I'm trying to compare different approaches to rank predictions. I have the ground truth distribution $P$ (discrete, zeta distribution) and two or more distributions ($Q, Q', Q'', Q'''$ in this case) I'd like to rank. (As in which one is better).
As I understand I can use the KL divergence for this.
What can I say then if one prediction has $D_{kl}(P || Q) = 3$ and an other one has $D_{kl}(P || Q') = 6$?
What can I say then if one prediction has $D_{kl}(P || Q'') = 0.3$ and an other one has $D_{kl}(P || Q''') = 0.6$?
I can certainly say that prediction $Q$ is better than prediction $Q'$, because it "seems" big difference, but what can I say about $Q''$ and $Q'''$ the difference seems small (I know $Q''$ is still better)?
My question is: Can I somehow numerically say that this prediction is better than that by "this amount"?

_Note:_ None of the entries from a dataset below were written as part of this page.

Definition irrotational_tau (t0 t1 : R) (T : Fam) : Prop :=
  C1_family t0 t1 T /\
  forall tau t, inI t0 t1 tau -> inI t0 t1 t ->
    exists A Ti, dtau_is t0 t1 T tau t A /\ is_inverse (T tau t) Ti /\ symm (mmul A Ti).

Definition famT (N : Fam) : Fam := fun tau t => mtr (N tau t).

Definition fam_eq (t0 t1 : R) (T S : Fam) : Prop :=
  forall tau t, inI t0 t1 tau -> inI t0 t1 t -> T tau t = S tau t.

(* the three ODE characterisations of part (iii), with L t = grad v (x(t),t) *)
Definition O_ode (t0 t1 : R) (L : R -> Mat) (O : Fam) : Prop :=
  (forall tau, inI t0 t1 tau -> O tau tau = mI) /\
  (forall tau t, inI t0 t1 tau -> inI t0 t1 t ->
     dt_is t0 t1 O tau t (mmul (spin (L t)) (O tau t))).

Definition M_ode (t0 t1 : R) (L : R -> Mat) (O M : Fam) : Prop :=
  (forall tau, inI t0 t1 tau -> M tau tau = mI) /\
  (forall tau t, inI t0 t1 tau -> inI t0 t1 t ->
     dt_is t0 t1 M tau t
       (mmul (mmul (mmul (O t tau) (strain_rate (L t))) (O tau t)) (M tau t))).

Definition N_ode (t0 t1 : R) (L : R -> Mat) (O N : Fam) : Prop :=
  (forall t, inI t0 t1 t -> mtr (N t t) = mI) /\
  (forall tau t, inI t0 t1 tau -> inI t0 t1 t ->
     dtau_is t0 t1 (famT N) tau t
       (mopp (mmul (mmul (mmul (O tau t) (strain_rate (L tau))) (O t tau))
                   (mtr (N tau t))))).

Definition decomp (t0 t1 : R) (F O M N : Fam) : Prop :=
  linear_process t0 t1 O /\ rotational t0 t1 O /\
  irrotational t0 t1 M /\ irrotational_tau t0 t1 (famT N) /\
  (forall tau t, inI t0 t1 tau -> inI t0 t1 t ->
     F tau t = mmul (O tau t) (M tau t) /\ F tau t = mmul (N tau t) (O tau t)).

From Stdlib Require Import Reals Lra Psatz FunctionalExtensionality ClassicalEpsilon.
From Coquelicot Require Import Coquelicot.
Open Scope R_scope.

(* Everything is built from three fundamental matrices on [t0,t1], obtained by Picard
   iteration: [Phi' = W Phi], [Psi' = L Psi] and [Y' = -L^T Y], all equal to [I] at [t0].
   The products [Phi^T Phi] and [Y^T Psi] have zero derivative, so [Phi] is orthogonal and
   [Y^T = Psi^-1]; hence [F_tau^t = Psi(t) Y(tau)^T], and we set [O_tau^t = Phi(t) Phi(tau)^T],
   [M = O_t^tau F], [N = F O_t^tau].  The product rule together with [L = W + D] gives the
   three evolution equations, and every uniqueness claim reduces to uniqueness for a linear
   equation [X' = K X] with bounded [K], proved by a Gronwall estimate on [|X|^2].  For the
   uniqueness of the decomposition, differentiating [F = O M] writes [L] as the skew matrix
   [dO O^-1] plus a symmetric one, which forces [dO O^-1 = W]. *)

(** * Matrix algebra *)

Lemma mat_ext (A B : Mat) : (forall i j, A i j = B i j) -> A = B.
Proof. intros H; extensionality i; extensionality j; apply H. Qed.

Definition mzero : Mat := fun _ _ => 0.

Ltac mat_field := apply mat_ext; intros ?i ?j;
  unfold spin, strain_rate, mmul, madd, mopp, mtr, mscal, mzero; cbv beta; field.

Lemma mmul_assoc A B C : mmul (mmul A B) C = mmul A (mmul B C).
Proof. mat_field. Qed.
Lemma mmul_I_l A : mmul mI A = A.
Proof. apply mat_ext; intros [] []; unfold mmul, mI; simpl; ring. Qed.
Lemma mmul_I_r A : mmul A mI = A.
Proof. apply mat_ext; intros [] []; unfold mmul, mI; simpl; ring. Qed.
Lemma mtr_mmul A B : mtr (mmul A B) = mmul (mtr B) (mtr A).
Proof. mat_field. Qed.
Lemma mtr_I : mtr mI = mI.
Proof. apply mat_ext; intros [] []; reflexivity. Qed.
Lemma mtr_opp A : mtr (mopp A) = mopp (mtr A).
Proof. reflexivity. Qed.
Lemma mmul_add_l A B C : mmul (madd A B) C = madd (mmul A C) (mmul B C).
Proof. mat_field. Qed.
Lemma mmul_add_r A B C : mmul A (madd B C) = madd (mmul A B) (mmul A C).
Proof. mat_field. Qed.
Lemma mmul_opp_l A B : mmul (mopp A) B = mopp (mmul A B).
Proof. mat_field. Qed.
Lemma mmul_opp_r A B : mmul A (mopp B) = mopp (mmul A B).
Proof. mat_field. Qed.
Lemma mmul_scal_l c A B : mmul (mscal c A) B = mscal c (mmul A B).
Proof. mat_field. Qed.
Lemma mmul_scal_r c A B : mmul A (mscal c B) = mscal c (mmul A B).
Proof. mat_field. Qed.

Lemma mmul_0_l A : mmul mzero A = mzero.
Proof. apply mat_ext; intros i j; unfold mmul, mzero; ring. Qed.
Lemma madd_0_r A : madd A mzero = A.
Proof. apply mat_ext; intros i j; unfold madd, mzero; ring. Qed.
Lemma madd_opp_r A : madd A (mopp A) = mzero.
Proof. apply mat_ext; intros i j; unfold madd, mopp, mzero; ring. Qed.
Lemma madd_opp_eq_0 A B : madd A (mopp B) = mzero -> A = B.
Proof.
  intros H. apply mat_ext; intros i j. apply (f_equal (fun X => X i j)) in H.
  unfold madd, mopp, mzero in H. lra.
Qed.

Lemma spin_skew A : skew (spin A).
Proof. unfold skew; mat_field. Qed.
Lemma strain_symm A : symm (strain_rate A).
Proof. unfold symm; mat_field. Qed.
Lemma spin_add A B : spin (madd A B) = madd (spin A) (spin B).
Proof. mat_field. Qed.
Lemma spin_of_skew A : skew A -> spin A = A.
Proof.
  intros H. apply mat_ext; intros i j. apply (f_equal (fun X => X i j)) in H.
  unfold spin, madd, mopp, mtr, mscal in *. lra.
Qed.
Lemma spin_of_symm A : symm A -> spin A = mzero.
Proof.
  intros H. apply mat_ext; intros i j. apply (f_equal (fun X => X i j)) in H.
  unfold spin, madd, mopp, mtr, mscal, mzero in *. lra.
Qed.

Lemma mdet_mmul A B : mdet (mmul A B) = mdet A * mdet B.
Proof. unfold mdet, mmul; ring. Qed.
Lemma mdet_I : mdet mI = 1.
Proof. unfold mdet, mI; simpl; ring. Qed.

Definition madj (A : Mat) : Mat := fun i j =>
  match j, i with
  | i0, i0 => A i1 i1 * A i2 i2 - A i1 i2 * A i2 i1
  | i0, i1 => - (A i1 i0 * A i2 i2 - A i1 i2 * A i2 i0)
  | i0, i2 => A i1 i0 * A i2 i1 - A i1 i1 * A i2 i0
  | i1, i0 => - (A i0 i1 * A i2 i2 - A i0 i2 * A i2 i1)
  | i1, i1 => A i0 i0 * A i2 i2 - A i0 i2 * A i2 i0
  | i1, i2 => - (A i0 i0 * A i2 i1 - A i0 i1 * A i2 i0)
  | i2, i0 => A i0 i1 * A i1 i2 - A i0 i2 * A i1 i1
  | i2, i1 => - (A i0 i0 * A i1 i2 - A i0 i2 * A i1 i0)
  | i2, i2 => A i0 i0 * A i1 i1 - A i0 i1 * A i1 i0
  end.

Lemma mmul_madj_r A : mmul A (madj A) = mscal (mdet A) mI.
Proof. apply mat_ext; intros [] []; unfold mmul, madj, mscal, mI, mdet; simpl; ring. Qed.

Lemma mmul_inv_cancel A B X : mmul A B = mI -> mmul A (mmul B X) = X.
Proof. intros H. rewrite <- mmul_assoc, H, mmul_I_l. reflexivity. Qed.

(* [A B = I] forces [A = adj B / det B]. *)
Lemma mmul_eq_I_comm A B : mmul A B = mI -> mmul B A = mI.
Proof.
  intros H.
  assert (Hd : mdet A * mdet B = 1) by (rewrite <- mdet_mmul, H; apply mdet_I).
  assert (HB : mdet B <> 0) by (intro E; rewrite E in Hd; lra).
  assert (HA : A = mscal (/ mdet B) (madj B)).
  { transitivity (mscal (/ mdet B) (mmul A (mmul B (madj B)))).
    - rewrite mmul_madj_r. apply mat_ext; intros [] []; unfold mscal, mmul, mI; simpl; field; auto.
    - rewrite <- mmul_assoc, H, mmul_I_l; reflexivity. }
  rewrite HA, mmul_scal_r, mmul_madj_r. apply mat_ext; intros i j; unfold mscal; field; auto.
Qed.

Lemma is_inverse_sym A B : is_inverse A B -> is_inverse B A.
Proof. intros [H1 H2]; split; auto. Qed.

Lemma is_inverse_of_mmul_eq_I A B : mmul A B = mI -> is_inverse A B.
Proof. intros H; split; [exact H | apply mmul_eq_I_comm, H]. Qed.

Lemma mdet_charpoly_conj P Q X lam : mmul P Q = mI ->
  mdet (madd (mscal lam mI) (mopp (mmul (mmul P X) Q))) = mdet (madd (mscal lam mI) (mopp X)).
Proof.
  intros H.
  assert (E : madd (mscal lam mI) (mopp (mmul (mmul P X) Q)) =
              mmul (mmul P (madd (mscal lam mI) (mopp X))) Q).
  { rewrite mmul_add_r, mmul_add_l, mmul_scal_r, mmul_I_r, mmul_scal_l, H.
    rewrite mmul_opp_r, mmul_opp_l. reflexivity. }
  assert (HPQ : mdet P * mdet Q = 1) by (rewrite <- mdet_mmul, H; apply mdet_I).
  rewrite E, !mdet_mmul.
  transitivity (mdet (madd (mscal lam mI) (mopp X)) * (mdet P * mdet Q)); [ring|].
  rewrite HPQ; ring.
Qed.

Lemma mmul_entry_bound K P i j C B : (forall l, Rabs (K i l) <= C) -> (forall l, Rabs (P l j) <= B) ->
  Rabs (mmul K P i j) <= 3 * C * B.
Proof.
  intros HK HP. unfold mmul.
  assert (Hl : forall l, Rabs (K i l * P l j) <= C * B).
  { intros l. rewrite Rabs_mult. apply Rmult_le_compat; try apply Rabs_pos; auto. }
  pose proof (Hl i0); pose proof (Hl i1); pose proof (Hl i2).
  eapply Rle_trans; [apply Rabs_triang|].
  eapply Rle_trans; [apply Rplus_le_compat_r; apply Rabs_triang|]. lra.
Qed.

Lemma orthogonal_entry_bound Q : mmul (mtr Q) Q = mI -> forall i j, Rabs (Q i j) <= 1.
Proof.
  intros H i j. apply (f_equal (fun A => A j j)) in H. unfold mmul, mtr, mI in H.
  assert (E : I3_eqb j j = true) by (destruct j; reflexivity). rewrite E in H.
  assert (Q i j * Q i j <= 1) by (destruct i; pose proof (Rle_0_sqr (Q i0 j));
    pose proof (Rle_0_sqr (Q i1 j)); pose proof (Rle_0_sqr (Q i2 j)); unfold Rsqr in *; lra).
  unfold Rabs; destruct Rcase_abs; nra.
Qed.

Lemma strain_rate_entry_bound A C : (forall i j, Rabs (A i j) <= C) ->
  forall i j, Rabs (strain_rate A i j) <= C.
Proof.
  intros H i j. unfold strain_rate, mscal, madd, mtr.
  pose proof (H i j); pose proof (H j i). rewrite Rabs_mult, (Rabs_right (1/2)) by lra.
  pose proof (Rabs_triang (A i j) (A j i)). lra.
Qed.
Lemma spin_entry_bound A C : (forall i j, Rabs (A i j) <= C) ->
  forall i j, Rabs (spin A i j) <= C.
Proof.
  intros H i j. unfold spin, mscal, madd, mtr, mopp.
  pose proof (H i j); pose proof (H j i). rewrite Rabs_mult, (Rabs_right (1/2)) by lra.
  pose proof (Rabs_triang (A i j) (- A j i)). rewrite Rabs_Ropp in *. lra.
Qed.
Lemma opp_mtr_entry_bound A C : (forall i j, Rabs (A i j) <= C) ->
  forall i j, Rabs (mopp (mtr A) i j) <= C.
Proof. intros H i j. unfold mopp, mtr. rewrite Rabs_Ropp. auto. Qed.

(** * Calculus on the interval [t0,t1] *)

Definition punctured (t0 t1 t : R) := fun s => inI t0 t1 s /\ s <> t.

Lemma limit1_in_ext f g D l x0 : (forall x, D x -> f x = g x) ->
  limit1_in f D l x0 -> limit1_in g D l x0.
Proof.
  intros He H eps Heps; destruct (H eps Heps) as [a [Ha Hb]].
  exists a; split; auto. intros x [Dx Hx]; rewrite <- He by auto; apply Hb; auto.
Qed.

Lemma limit1_in_const c D x0 : limit1_in (fun _ => c) D c x0.
Proof. apply (limit_free (fun _ => c) D 0 x0). Qed.

Definition cont_in (t0 t1 : R) (f : R -> R) (t : R) : Prop :=
  forall eps, 0 < eps -> exists del, 0 < del /\
    forall s, inI t0 t1 s -> Rabs (s - t) < del -> Rabs (f s - f t) < eps.

Section IntervalDerivative.
Variables t0 t1 : R.

Lemma deriv_in_limit f t l : deriv_in t0 t1 f t l -> limit1_in f (punctured t0 t1 t) (f t) t.
Proof.
  intros H.
  assert (H1 : limit1_in (fun s => (f s - f t) / (s - t) * (s - t) + f t)
                 (punctured t0 t1 t) (l * (t - t) + f t) t).
  { apply limit_plus; [apply limit_mul|apply limit1_in_const]; auto.
    apply limit_minus; [apply lim_x|apply limit1_in_const]. }
  replace (l * (t - t) + f t) with (f t) in H1 by ring.
  revert H1; apply limit1_in_ext. intros x [_ Hx]. field. intro E; apply Hx; lra.
Qed.

Lemma deriv_in_cont f t l : deriv_in t0 t1 f t l -> cont_in t0 t1 f t.
Proof.
  intros H eps Heps. destruct (deriv_in_limit _ _ _ H eps Heps) as [a [Ha Hb]].
  exists a; split; [lra|]. intros s Hs Hst.
  destruct (Req_dec s t) as [->|Hne].
  - rewrite Rminus_diag, Rabs_R0; lra.
  - apply (Hb s). split; [split; auto|]. exact Hst.
Qed.

Lemma deriv_in_plus f g t lf lg : deriv_in t0 t1 f t lf -> deriv_in t0 t1 g t lg ->
  deriv_in t0 t1 (fun s => f s + g s) t (lf + lg).
Proof.
  intros Hf Hg. eapply limit1_in_ext; [|apply limit_plus; [exact Hf|exact Hg]].
  intros x [_ Hx]; simpl. field. intro E; apply Hx; lra.
Qed.

Lemma deriv_in_opp f t lf : deriv_in t0 t1 f t lf -> deriv_in t0 t1 (fun s => - f s) t (- lf).
Proof.
  intros Hf. eapply limit1_in_ext; [|apply limit_Ropp; exact Hf].
  intros x [_ Hx]; simpl. field. intro E; apply Hx; lra.
Qed.

Lemma deriv_in_const c t : deriv_in t0 t1 (fun _ => c) t 0.
Proof.
  eapply limit1_in_ext; [|apply limit1_in_const].
  intros x [_ Hx]; simpl. field. intro E; apply Hx; lra.
Qed.

Lemma deriv_in_mult f g t lf lg : deriv_in t0 t1 f t lf -> deriv_in t0 t1 g t lg ->
  deriv_in t0 t1 (fun s => f s * g s) t (lf * g t + f t * lg).
Proof.
  intros Hf Hg. pose proof (deriv_in_limit _ _ _ Hg) as Hgc.
  eapply limit1_in_ext; [|apply limit_plus; [apply limit_mul; [exact Hf|exact Hgc]
                                      |apply limit_mul; [apply limit1_in_const|exact Hg]]].
  intros x [_ Hx]; simpl. field. intro E; apply Hx; lra.
Qed.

EDIT: $Q, Q', Q'', Q'''$ are all different in my question, I'm not confused about the asymmetry of $D_{kl}$, but in how to interpred different scales of results. I Edited the numbers to better reflect my question:
- Both examples give that one distribution is "twice as close" to $P$ (the truth), than the other, but the scales are different. How do I interpret that?